Abstract

Advance directives (ADs) are directives that a competent person gives in advance, for her treatment in case she is characterized (legally or by medical evaluation) incompetent for rational decision making that can guide action. ADs may be demands for active or passive euthanasia, raising legal and moral issues concerning their acceptance.In bioethics, although the view supporting the decisive authority of ADs, without any presuppositions, as expressions of self determination and of “critical interests”, remains dominant, there are strong philosophical objections to their unconditional acceptance. There are two opposed views on this issue: a) The so called extension view that supports the moral authority of ADs. b) The moral authority objection view that questions the moral acceptance of ADs, focusing on the continuity of personal identity (PI) and on the existence of experiential interests.

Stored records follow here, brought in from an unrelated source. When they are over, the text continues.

Theorem mainTheorem1 (R : realType) (S : finType) (P : S -> S -> R)
    (M : {set S}) :
  stochastic P ->
  M != finset.set0 -> ~: M != finset.set0 ->
  (1%:M - blk P M M) \in unitmx ->
  (1%:M - blk P (~: M) (~: M)) \in unitmx ->
  forall m : nat,
    moment_is (probN1 P M) m
      (\sum_(j < m.+1) bst m j 1 *:
         (blk P M M ^+ j *m invmx (1%:M - blk P M M) ^+ j.+1 *m blk P M (~: M)))
  /\
    moment_is (probR1 P M) m
      (blk P M M + blk P M (~: M) *m
         (\sum_(j < m.+1) bst m j 2 *:
            (blk P (~: M) (~: M) ^+ j *m invmx (1%:M - blk P (~: M) (~: M)) ^+ j.+1)) *m
         blk P (~: M) M).
Proof.
move=> Pst _ _ U_M U_Mc m.
have series (A : {set S}) x : (1%:M - blk P A A) \in unitmx ->
    mxpsum (blk P A A) (fun k => (k%:R + x) ^+ m) @ \oo -->
    \sum_(j < m.+1) bst m j x *: (blk P A A ^+ j *m invmx (1%:M - blk P A A) ^+ j.+1).
  by move=> U; exact: cvg_mxpsum_shifted_pow _ (blk_ge0 P Pst _ _) (blk_rowsum P Pst _ _) U x m.
split; apply/moment_isE.
- rewrite -(cvg_shiftS (fun N => \sum_(n < N) _)) /=.
  under eq_fun do rewrite moment_psum_N1.
  under eq_bigr do rewrite scalemxAl; rewrite -mulmx_suml.
  exact: cvg_mulmxr (series _ _ U_M).
- rewrite -(cvg_shiftS (fun N => \sum_(n < N) _)) /=.
  rewrite -(cvg_shiftS (fun N => \sum_(n < N.+1) _)) /=.
  under eq_fun do rewrite moment_psum_R1.
  apply: cvgD; first exact: cvg_cst.
  exact: cvg_mulmxr (cvg_mulmxl _ (series _ _ U_Mc)).
Qed.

In this paper we attempt to criticize the dominant bioethical view about the moral justification of ADs based on the extension view, dwelling mainly on cases of “happy demented” patients, who have strong experiential interests that can conflict with the “extended” critical interests.We thus examine first the more influential PI theories in bioethical discourse. These are the biological, the anthropological, the narrative and the psychological theories. Both psychological and narrative conceptions of PI adopt experiential data that are subject to relativistic evaluations and can lead to limitations of, and exceptions from, the concept of personhood. They both demand a thick first person identification of PI, which is then established as personal identity, supposedly grounding the authority of ADs. Despite their dominant position in bioethics, insofar as they lend support to the extension view, they face several objections.We try to defend the moral authority objection regarding ADs, by adopting a Kantian transcendental account of PI, which provides a rigid kernel that grounds a conception of human dignity as independent from any experiential assessment of abilities. This conception of human dignity also includes patients incompetent to express their will, and is endangered by the unconditional acceptance of ADs. We also investigate a possible moral justification of ADs in Kantian ethics which appeals to Kant’s positions on suicide.